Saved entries
Lemma equipotent_level_subset T (S : set T) (F : T -> U) : [set: W] #= S ->
  exists u, exists2 L, L `<=` S & L #= S /\ (forall s, L s -> F s = u).
Proof.
move=> /card_eqPle[WS SW]; elim/Ppointed: T => T in S F WS SW *.
  have [u _] := infinite_setN0 U_infinite.
  by exists u, set0 => //; rewrite (empty_eq0 S).
have [e [eS einj]] := inj_of_card_le point WS.
have [u Wfib] := card_fiber_full (F \o e).
pose L := e @` ((F \o e) @^-1` [set u]).
exists u, L => [_ [w _ <-]|]; first exact: eS.
split=> [|_ [w fw <-] //]; apply: Cantor_Bernstein.
  by apply: subset_card_le => _ [w _ <-]; exact: eS.
apply: card_le_trans SW (card_le_trans Wfib _).
have /card_eqPle[_ fibL] : L #= (F \o e) @^-1` [set u].
  by apply: inj_card_eq => w w' _ _; exact: einj.
exact: fibL.
Qed.

End InitialOrdinal.

Section HahnBanach.
Local Open Scope ring_scope.
Variables (R : realType) (X : normedModType R).

Definition linear_functional (f : X -> R) :=
  forall a b x y, f (a *: x + b *: y) = a * f x + b * f y.

Definition dominated_linear_graph (G : set (X * R)) :=
  [/\ forall p q a b, G p -> G q -> G (a *: p.1 + b *: q.1, a * p.2 + b * q.2),
      forall p q, G p -> G q -> p.1 = q.1 -> p.2 = q.2 &
      forall p, G p -> p.2 <= `|p.1|].

Lemma dominated_linear_graphZ G p a :
  dominated_linear_graph G -> G p -> G (a *: p.1, a * p.2).
Proof.
by case=> Glin _ _ Gp; have := Glin p p a 0 Gp Gp; rewrite scale0r mul0r !addr0.
Qed.

Lemma dominated_linear_graph_norm G p :
  dominated_linear_graph G -> G p -> `|p.2| <= `|p.1|.
Proof.
move=> G_dlg Gp; have [_ _ Gdom] := G_dlg.
rewrite ler_norml Gdom // andbT lerNl.
have := Gdom _ (dominated_linear_graphZ (-1) G_dlg Gp).
by rewrite /= scaleN1r mulN1r normrN.
Qed.

Lemma dominated_linear_graph_bigcup (F : set (set (X * R))) :
  F `<=` dominated_linear_graph -> total_on F subset ->
  dominated_linear_graph (\bigcup_(G in F) G).
Proof.
move=> F_dlg Ftot; split.
- move=> p q a b [G FG Gp] [H FH Hq].
  have [GH|HG] := Ftot _ _ FG FH.
    by exists H => //; have [Hlin _ _] := F_dlg _ FH; apply: Hlin => //; exact: GH.
  by exists G => //; have [Glin _ _] := F_dlg _ FG; apply: Glin => //; exact: HG.
- move=> p q [G FG Gp] [H FH Hq].
  have [GH|HG] := Ftot _ _ FG FH.
    by have [_ Hfun _] := F_dlg _ FH; apply: Hfun => //; exact: GH.
  by have [_ Gfun _] := F_dlg _ FG; apply: Gfun => //; exact: HG.
- by move=> p [G FG Gp]; have [_ _ Gdom] := F_dlg _ FG; exact: Gdom.
Qed.

Lemma dominated_linear_graph_line x0 : x0 != 0 ->
  dominated_linear_graph [set p | exists l, p = (l *: x0, l * `|x0|)].
Proof.
move=> x0N0; split.
- move=> _ _ a b [l ->] [m ->] /=; exists (a * l + b * m).
  by rewrite scalerDl !scalerA mulrDl !mulrA.
- move=> _ _ [l ->] [m ->] /= lm; congr (_ * _).
  have /eqP : (l - m) *: x0 = 0 by rewrite scalerBl lm subrr.
  by rewrite scaler_eq0 (negbTE x0N0) orbF subr_eq0 => /eqP.
- by move=> _ [l ->] /=; rewrite normrZ ler_wpM2r // ler_norm.
Qed.

Section Extension.
Variables (G : set (X * R)) (y : X).
Hypotheses (G_dlg : dominated_linear_graph G) (G00 : G (0, 0)).

Definition graph_extension (c : R) :=
  [set r | exists p l, G p /\ r = (p.1 + l *: y, p.2 + l * c)].

Lemma graph_extension_proper c : (forall t, ~ G (y, t)) -> G `<` graph_extension c.
Proof.
move=> y_notin; split => [[a b] Gab|GE].
  by exists (a, b), 0; rewrite scale0r mul0r !addr0.
by apply: (y_notin c); apply: GE; exists (0, 0), 1; rewrite /= scale1r mul1r !add0r.
Qed.

(* The triangle inequality puts every lower constraint on the value [c] at
   [y] below every upper one. *)
Lemma extension_value_exists : exists c, forall p, G p ->
  p.2 - `|p.1 - y| <= c /\ c <= `|p.1 + y| - p.2.
Proof.
have [Glin _ Gdom] := G_dlg.
have lb_ub p q : G p -> G q -> p.2 - `|p.1 - y| <= `|q.1 + y| - q.2.
  move=> Gp Gq; have := Gdom _ (Glin p q 1 1 Gp Gq); rewrite /= !scale1r !mul1r.
  have : `|p.1 + q.1| <= `|p.1 - y| + `|q.1 + y|.
    rewrite (_ : p.1 + q.1 = (p.1 - y) + (q.1 + y)) ?ler_normD //.
    by rewrite addrACA addNr addr0.
  lra.
pose E := [set u | exists2 p, G p & u = p.2 - `|p.1 - y|].
have supE : has_sup E.
  split; first by exists (0 - `|0 - y|), (0, 0).
  by exists (`|0 + y| - 0) => _ [p Gp ->]; exact: (lb_ub p (0, 0)).
exists (sup E) => p Gp; split; first by apply: sup_upper_bound => //; exists p.
by apply: ge_sup; [case: supE|move=> _ [q Gq ->]; exact: lb_ub].
Qed.

Variable c : R.
Hypothesis c_bounds : forall p, G p -> p.2 - `|p.1 - y| <= c /\ c <= `|p.1 + y| - p.2.

(* Domination at [p + l y] reduces, after rescaling by [l^-1], to one of the
   two bounds on [c], depending on the sign of [l]. *)
Lemma graph_extension_dominated r : graph_extension c r -> r.2 <= `|r.1|.
Proof.
have [_ _ Gdom] := G_dlg.
move=> [p [l [Gp ->]]] /=.
have [->|l0] := eqVneq l 0; first by rewrite scale0r mul0r !addr0; exact: Gdom.
have [q1 [q2 [Gq p1E p2E]]] :
    exists q1 q2, [/\ G (q1, q2), p.1 = l *: q1 & p.2 = l * q2].
  exists (l^-1 *: p.1), (l^-1 * p.2); split; first exact: dominated_linear_graphZ.
    by rewrite scalerA mulfV // scale1r.
  by rewrite mulrA mulfV // mul1r.
have Gnq : G (- q1, - q2).
  by have := dominated_linear_graphZ (-1) G_dlg Gq; rewrite /= scaleN1r mulN1r.
rewrite p1E p2E -[l *: q1 + _]scalerDr normrZ.
have [_ ub] := c_bounds Gq; have [lb _] := c_bounds Gnq; move: lb ub => /=.
rewrite -[- q1 - y]opprD normrN; have [l_gt0|l_le0] := ltrP 0 l.
  by rewrite gtr0_norm //; nra.
by rewrite ler0_norm //; nra.
Qed.

Lemma graph_extension_dlg : (forall t, ~ G (y, t)) ->
  dominated_linear_graph (graph_extension c).
Proof.
have [Glin Gfun _] := G_dlg; move=> y_notin; split.
- move=> _ _ a b [p [l [Gp ->]]] [q [m [Gq ->]]] /=.
  exists (a *: p.1 + b *: q.1, a * p.2 + b * q.2), (a * l + b * m).
  split; first exact: Glin.
  congr (_, _); last by rewrite /=; ring.
  by rewrite /= !scalerDr !scalerDl !scalerA addrACA.
- move=> _ _ [p [l [Gp ->]]] [q [m [Gq ->]]] /= plqm.
  have [lm|lNm] := eqVneq l m.
    by move: plqm; rewrite lm => /addIr/(Gfun _ _ Gp Gq)->.
  exfalso; apply: (y_notin ((l - m)^-1 * q.2 + (- (l - m)^-1) * p.2)).
  have lmN0 : l - m != 0 by rewrite subr_eq0.
  suff -> : y = (l - m)^-1 *: q.1 + (- (l - m)^-1) *: p.1 by exact: Glin.
  have lmy : (l - m) *: y = q.1 - p.1.
    apply: (@addIr _ (m *: y)); rewrite scalerBl subrK.
    by apply: (@addrI _ p.1); rewrite plqm addrA [p.1 + _]addrC subrK.
  by rewrite scaleNr -scalerBr -lmy scalerA mulVf // scale1r.
- exact: graph_extension_dominated.
Qed.

End Extension.

Lemma exists_norming_functional x0 : x0 != 0 -> exists f : X -> R,
  [/\ linear_functional f, forall x, `|f x| <= `|x| & f x0 = `|x0|].
Proof.
move=> x0N0.
(* [G = set0] is allowed so that the empty chain has an admissible union. *)
pose P G := dominated_linear_graph G /\ (G = set0 \/ G (x0, `|x0|)).
have [A [[A_dlg A0x0] Amax]] : exists A, P A /\ forall B, A `<` B -> ~ P B.
  apply: Zorn_bigcup => F FP Ftot; split.
    by apply: dominated_linear_graph_bigcup => // G /FP[].
  have [[G FG Gx0]|nx0] := pselect (exists2 G, F G & G (x0, `|x0|)).
    by right; exists G.
  left; apply/seteqP; split => // p [G FG Gp].
  have [_ [G0|Gx0]] := FP _ FG; first by rewrite G0 in Gp.
  by apply: nx0; exists G.
have Ax0 : A (x0, `|x0|).
  case: A0x0 => // A0; exfalso.
  apply: (Amax _ _ (conj (dominated_linear_graph_line x0N0) _)); last first.
    by right; exists 1; rewrite scale1r mul1r.
  rewrite A0; split => // /(_ (x0, `|x0|)) x0_in.
  by apply: x0_in; exists 1; rewrite scale1r mul1r.
have [Alin Afun _] := A_dlg.
have A00 : A (0, 0).
  by have := dominated_linear_graphZ 0 A_dlg Ax0; rewrite /= scale0r mul0r.
have /choice[f fA] z : exists t, A (z, t).
  apply: contrapT => z_notin.
  have {}z_notin t : ~ A (z, t) by move=> Azt; apply: z_notin; exists t.
  have [c c_bounds] := extension_value_exists z A_dlg A00.
  have A_lt_ext := graph_extension_proper A00 c z_notin.
  apply: (Amax _ A_lt_ext); split; first exact: graph_extension_dlg.
  by right; apply: A_lt_ext.1.
exists f; split.
- by move=> a b x y; exact: (Afun _ _ (fA _) (Alin _ _ a b (fA x) (fA y))).
- by move=> x; exact: (dominated_linear_graph_norm A_dlg (fA x)).
- exact: (Afun _ _ (fA x0) Ax0).
Qed.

_Problem details_: Your task is to write out, exactly, the line that holds "rewrite A0; split" and every line after it until the records end.

_Answer for this exercise_:
  rewrite A0; split => // /(_ (x0, `|x0|)) x0_in.
  by apply: x0_in; exists 1; rewrite scale1r mul1r.
have [Alin Afun _] := A_dlg.
have A00 : A (0, 0).
  by have := dominated_linear_graphZ 0 A_dlg Ax0; rewrite /= scale0r mul0r.
have /choice[f fA] z : exists t, A (z, t).
  apply: contrapT => z_notin.
  have {}z_notin t : ~ A (z, t) by move=> Azt; apply: z_notin; exists t.
  have [c c_bounds] := extension_value_exists z A_dlg A00.
  have A_lt_ext := graph_extension_proper A00 c z_notin.
  apply: (Amax _ A_lt_ext); split; first exact: graph_extension_dlg.
  by right; apply: A_lt_ext.1.
exists f; split.
- by move=> a b x y; exact: (Afun _ _ (fA _) (Alin _ _ a b (fA x) (fA y))).
- by move=> x; exact: (dominated_linear_graph_norm A_dlg (fA x)).
- exact: (Afun _ _ (fA x0) Ax0).
Qed.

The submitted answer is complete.